The Financial Reporting Council (FRC) recently began consulting on a revised International Standard on Auditing (ISA 570), “Going Concern,” specific to the UK. ISAs are the professional standards which set out the auditor’s responsibilities when conducting an audit of financial statements. ISA 570 was last revised in January 2015, and the International Auditing and Assurance Board (IAASB) has no immediate plans to update the international standard. However, the FRC believes it is in the public interest to propose the revisions now, with a view to “driving necessary improvements in audit quality[1]. This follows on the back of recent well-publicised corporate failures.

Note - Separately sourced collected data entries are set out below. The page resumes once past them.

(* A profile $(D_n,G_n,\mathbf q_n)_{n\in\mathcal N}$ is a Variational Equilibrium of the peer-to-peer game if and only if it is an optimal solution of the centralized problem (P). That is, the set of Variational Equilibria coincides with the set of social welfare maximizers.
   Context: Model. $\mathcal N$ is a finite set of nodes (agents) containing a root node $0$. Each node $n$ has a neighborhood $\Omega_n\subseteq\mathcal N$ with $n\in\Omega_n$; the neighbor relation is symmetric ($m\in\Omega_n\iff n\in\Omega_m$) and every node is a neighbor of the root. Decision variables: demand $D_n$, flexibility activation $G_n$, and for each $m\in\Omega_n\setminus\{n\}$ a trade $q_{mn}\in\mathbb R$ (quantity sent from $m$ to $n$; $q_{mn}>0$ means $n$ buys from $m$). The net import of $n$ is $Q_n=\sum_{m\in\Omega_n\setminus\{n\}}q_{mn}$. Parameters: $0\le\underline D_n\le\overline D_n$, $0\le\underline G_n\le\overline G_n$, capacities $\kappa_{nm}=\kappa_{mn}\in[0,\infty)$, exogenous renewable generation $\Delta G_n$, constants $a_n,b_n,d_n>0$, $\tilde a_n,\tilde b_n>0$, target demand $D_n^\star$, preference prices $c_{nm}>0$. Costs/utilities: $C_n(G)=\tfrac12 a_nG^2+b_nG+d_n$, $U_n(D)=-\tilde a_n(D-D_n^\star)^2+\tilde b_n$, $\tilde C_n(\mathbf q_n)=\sum_{m\in\Omega_n\setminus\{n\}}c_{nm}q_{mn}$, $\Pi_n=U_n(D_n)-C_n(G_n)-\tilde C_n(\mathbf q_n)$, $SW=\sum_{n\in\mathcal N}\Pi_n$. Centralized problem (P): maximize $SW$ over $(\mathbf D,\mathbf G,\mathbf q)$ subject to (1) $\underline D_n\le D_n\le\overline D_n$; (2) $\underline G_n\le G_n\le\overline G_n$; (3) $q_{mn}\le\kappa_{mn}$ for all $n$ and $m\in\Omega_n\setminus\{n\}$; (4) $q_{mn}+q_{nm}\le0$ for each pair of distinct neighbors; (5) $D_n=G_n+\Delta G_n+Q_n$ for all $n$. Peer-to-peer game: agent $n$ controls $(D_n,G_n,\mathbf q_n)$ with $\mathbf q_n=(q_{mn})_{m\in\Omega_n\setminus\{n\}}$ and, taking the other agents' variables as given, maximizes $\Pi_n$ subject to $\underline D_n\le D_n\le\overline D_n$ (multipliers $\underline\mu_n,\overline\mu_n$), $\underline G_n\le G_n\le\overline G_n$ ($\underline\nu_n,\overline\nu_n$), $q_{mn}\le\kappa_{mn}$ for $m\in\Omega_n\setminus\{n\}$ ($\xi_{nm}$), the coupling constraints $q_{mn}\le-q_{nm}$ for $m\in\Omega_n\setminus\{n\}$ ($\zeta_{nm}$), and $D_n=G_n+\Delta G_n+Q_n$ ($\lambda_n$). The system $KKT_n$ consists of $2\tilde a_n(D_n-D_n^\star)-\underline\mu_n+\overline\mu_n+\lambda_n=0$, $a_nG_n+b_n-\underline\nu_n+\overline\nu_n-\lambda_n=0$, $c_{nm}+\xi_{nm}+\zeta_{nm}-\lambda_n=0$ for $m\in\Omega_n\setminus\{n\}$, feasibility, and complementarity $0\le\underline\mu_n\perp D_n-\underline D_n\ge0$, $0\le\overline\mu_n\perp\overline D_n-D_n\ge0$, $0\le\underline\nu_n\perp G_n-\underline G_n\ge0$, $0\le\overline\nu_n\perp\overline G_n-G_n\ge0$, $0\le\xi_{nm}\perp\kappa_{mn}-q_{mn}\ge0$, $0\le\zeta_{nm}\perp-q_{mn}-q_{nm}\ge0$ for all $m\in\Omega_n\setminus\{n\}$. A Generalized Nash Equilibrium (GNE) is a profile such that for each $n$ there are multipliers with $KKT_n$ satisfied (equivalently, each agent's variables solve her problem given the others'). A Variational Equilibrium is a GNE whose multipliers can be chosen so that in addition $\zeta_{nm}=\zeta_{mn}$ for all $n$ and $m\in\Omega_n\setminus\{n\}$. *)

From HB Require Import structures.
From mathcomp Require Import all_boot all_order all_algebra.
Set Implicit Arguments. Unset Strict Implicit. Unset Printing Implicit Defensive.
Import Order.TTheory GRing.Theory Num.Theory.
Local Open Scope ring_scope.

Previously, the objective of ISA 570 was to obtain sufficient appropriate audit evidence on the appropriateness of management’s use of the going-concern assumption. The revised objectives now include a requirement that the auditor “must” obtain sufficient appropriate audit evidence regarding the existence of any “material uncertainty” relating to the organisation’s ability to continue as a going concern, in addition to concluding on the appropriateness of management’s assessment. The revised standard strengthens the requirements regarding the auditor’s use of professional scepticism and the consideration of the potential for management bias, defined as a “lack of neutrality” by management in the preparation of information. In reaching its conclusion, the auditor will also be required to “stand back” and consider all relevant evidence, whether corroborating or contradictory.

Mike Suffield, the FRC’s Acting Executive Director of Audit and Actuarial Regulation, believes that these changes, whilst significantly increasing the amount of work that auditors will need to undertake, are necessary to ensure investor confidence in the quality of UK audited financial statements[2].

However, this position appears to be premised on the assumption that recent corporate failures in the UK have resulted from, or at least been contributed to by, inadequate audit standards. The revisions to ISA 570 do not address concerns that have also been raised that inherent conflicts in audit firms acting as both auditor of, and advisor to, companies have been a contributing factor in judgments on the appropriateness of the going-concern assumption.

The Competition and Markets Authority (CMA) final report on reforms to the UK audit market stopped short of suggesting a structural breakup of the Big Four’s audit and advisory services but have suggested they be split into separate operating entities to avoid such conflicts of interest[3].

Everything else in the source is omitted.